Predictors of Variation in Neurosurgical Supply Costs and Outcomes Across 4904 Surgeries at a Single Institution

Corinna Zygourakis, Victoria Valencia, Christy Boscardin, Rahul U. Nayak, Christopher Moriates, Ralph Gonzales, Philip Theodosopoulos, Michael T. Lawton

Research output: Contribution to journalArticlepeer-review

Abstract

Background There is high variability in neurosurgical costs, and surgical supplies constitute a significant portion of cost. Anecdotally, surgeons use different supplies for various reasons, but there is little understanding of how supply choices affect outcomes.

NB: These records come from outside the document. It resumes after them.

(* Let $G=(N,\Sigma,R,S)$ be a linear context-free grammar and fix any total order on $R$. Then $\Phi_3(G)$ is a test set for $L(G)$, and for every $k\ge 0$ the set $\Phi_k(G)$ contains at most $\sum_{i=0}^k |R|^i$ words.
   Context: A context-free grammar is $G=(N,\Sigma,R,S)$ with non-terminals $N$, terminals $\Sigma$, productions $R\subseteq N\times(N\uplus\Sigma)^*$, start symbol $S$; $L(G)$ is its language. $G$ is linear if every right-hand side has at most one non-terminal occurrence. A morphism $f:\Sigma^*\to\Gamma^*$ satisfies $f(\epsilon)=\epsilon$, $f(uv)=f(u)f(v)$. $T\subseteq L$ is a test set for $L$ if for every alphabet $\Gamma$ and morphisms $f,g:\Sigma^*\to\Gamma^*$ agreeing on all words of $T$, $f$ and $g$ agree on all words of $L$. Graph of $G$: vertices $N\uplus\{\bot\}$; for each rule $r = A\to uBv$ with $B\in N$, $u,v\in\Sigma^*$ there is an edge $(A,r,B)$ with $\overleftarrow{r}=u$, $\overrightarrow{r}=v$; for each rule $r=A\to u$ with $u\in\Sigma^*$ there is an edge $(A,r,\bot)$ with $\overleftarrow{r}=u$, $\overrightarrow{r}=\epsilon$. A path is a sequence of consecutive edges $(A_1,r_1,A_2)(A_2,r_2,A_3)\cdots(A_n,r_n,A_{n+1})$ (the empty path from a vertex to itself is allowed); it is accepting if $A_1=S$ and $A_{n+1}=\bot$, and then it corresponds to the word $\overleftarrow{r_1}\cdots\overleftarrow{r_n}\,\overrightarrow{r_n}\cdots\overrightarrow{r_1}\in L(G)$. Paths are identified with their rule sequences in $R^*$ and ordered by: $P_1<P_2$ iff $|P_1|<|P_2|$, or $|P_1|=|P_2|$ and $P_1$ is lexicographically smaller w.r.t. the fixed total order on $R$. A path is optimal if it is the $<$-minimal path among all paths from its first vertex to its last vertex. $\Phi_k(G)$ is the set of words corresponding to accepting paths of the form $P_1e_1P_2e_2\cdots P_ne_nP_{n+1}$ with $n\le k$, each $e_i$ a single edge, each $P_i$ ($1\le i\le n+1$) optimal, and each $P_ie_i$ ($1\le i\le n$) not optimal. *)

From mathcomp Require Import all_boot.
Set Implicit Arguments. Unset Strict Implicit. Unset Printing Implicit Defensive.

Section LinearGrammar.
Variables (N Sigma : eqType).

(* A production of a linear grammar: (A, inl (u, B, v)) is A -> u B v,
   (A, inr u) is A -> u  (u, v terminal words, B a non-terminal). *)
Definition rule := (N * ((seq Sigma * N * seq Sigma) + seq Sigma))%type.

Definition lhs (r : rule) : N := r.1.
(* target vertex in the graph; None stands for the sink vertex bot *)
Definition tgt (r : rule) : option N :=
  match r.2 with inl (_, B, _) => Some B | inr _ => None end.
Definition lword (r : rule) : seq Sigma :=
  match r.2 with inl (u, _, _) => u | inr u => u end.
Definition rword (r : rule) : seq Sigma :=
  match r.2 with inl (_, _, v) => v | inr _ => [::] end.

Variable rules : seq rule.   (* the set R, listed in the fixed total order *)
Variable S : N.

Inductive derives : N -> seq Sigma -> Prop :=
| der_term A u : (A, inr u) \in rules -> derives A u
| der_nt A u B v w : (A, inl (u, B, v)) \in rules -> derives B w ->
    derives A (u ++ w ++ v).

Our goal is to evaluate the effect of patient, procedural, and provider factors on supply cost and to determine if supply cost is associated with patient outcomes. Methods We obtained patient information (age, gender, payor, case mix index [CMI], body mass index, admission source), procedural data (procedure type, length, date), provider information (name, case volume), and total surgical supply cost for all inpatient neurosurgical procedures from 2013 to 2014 at our institution (n = 4904). We created mixed-effect models to examine the effect of each factor on surgical supply cost, 30-day readmission, and 30-day mortality. Results There was significant variation in surgical supply cost between and within procedure types. Older age, female gender, higher CMI, routine/elective admission, longer procedure, and larger surgeon volume were associated with higher surgical supply costs (P < 0.05). Routine/elective admission and higher surgeon volume were associated with lower readmission rates (odds ratio, 0.707, 0.998; P < 0.01). Change this sentence to: “Only patient factors of older age, male gender, private insurance, higher CMI, and emergency admission were associated with higher mortality (odds ratio, 1.029, 1.700, 1.692, 1.080, 2.809). There was no association between surgical supply cost and readmission or mortality (P = 0.307, 0.548). Conclusions A combination of patient, procedural, and provider factors underlie the significant variation in neurosurgical supply costs at our institution. Surgical supply costs are not correlated with 30-day readmission or mortality.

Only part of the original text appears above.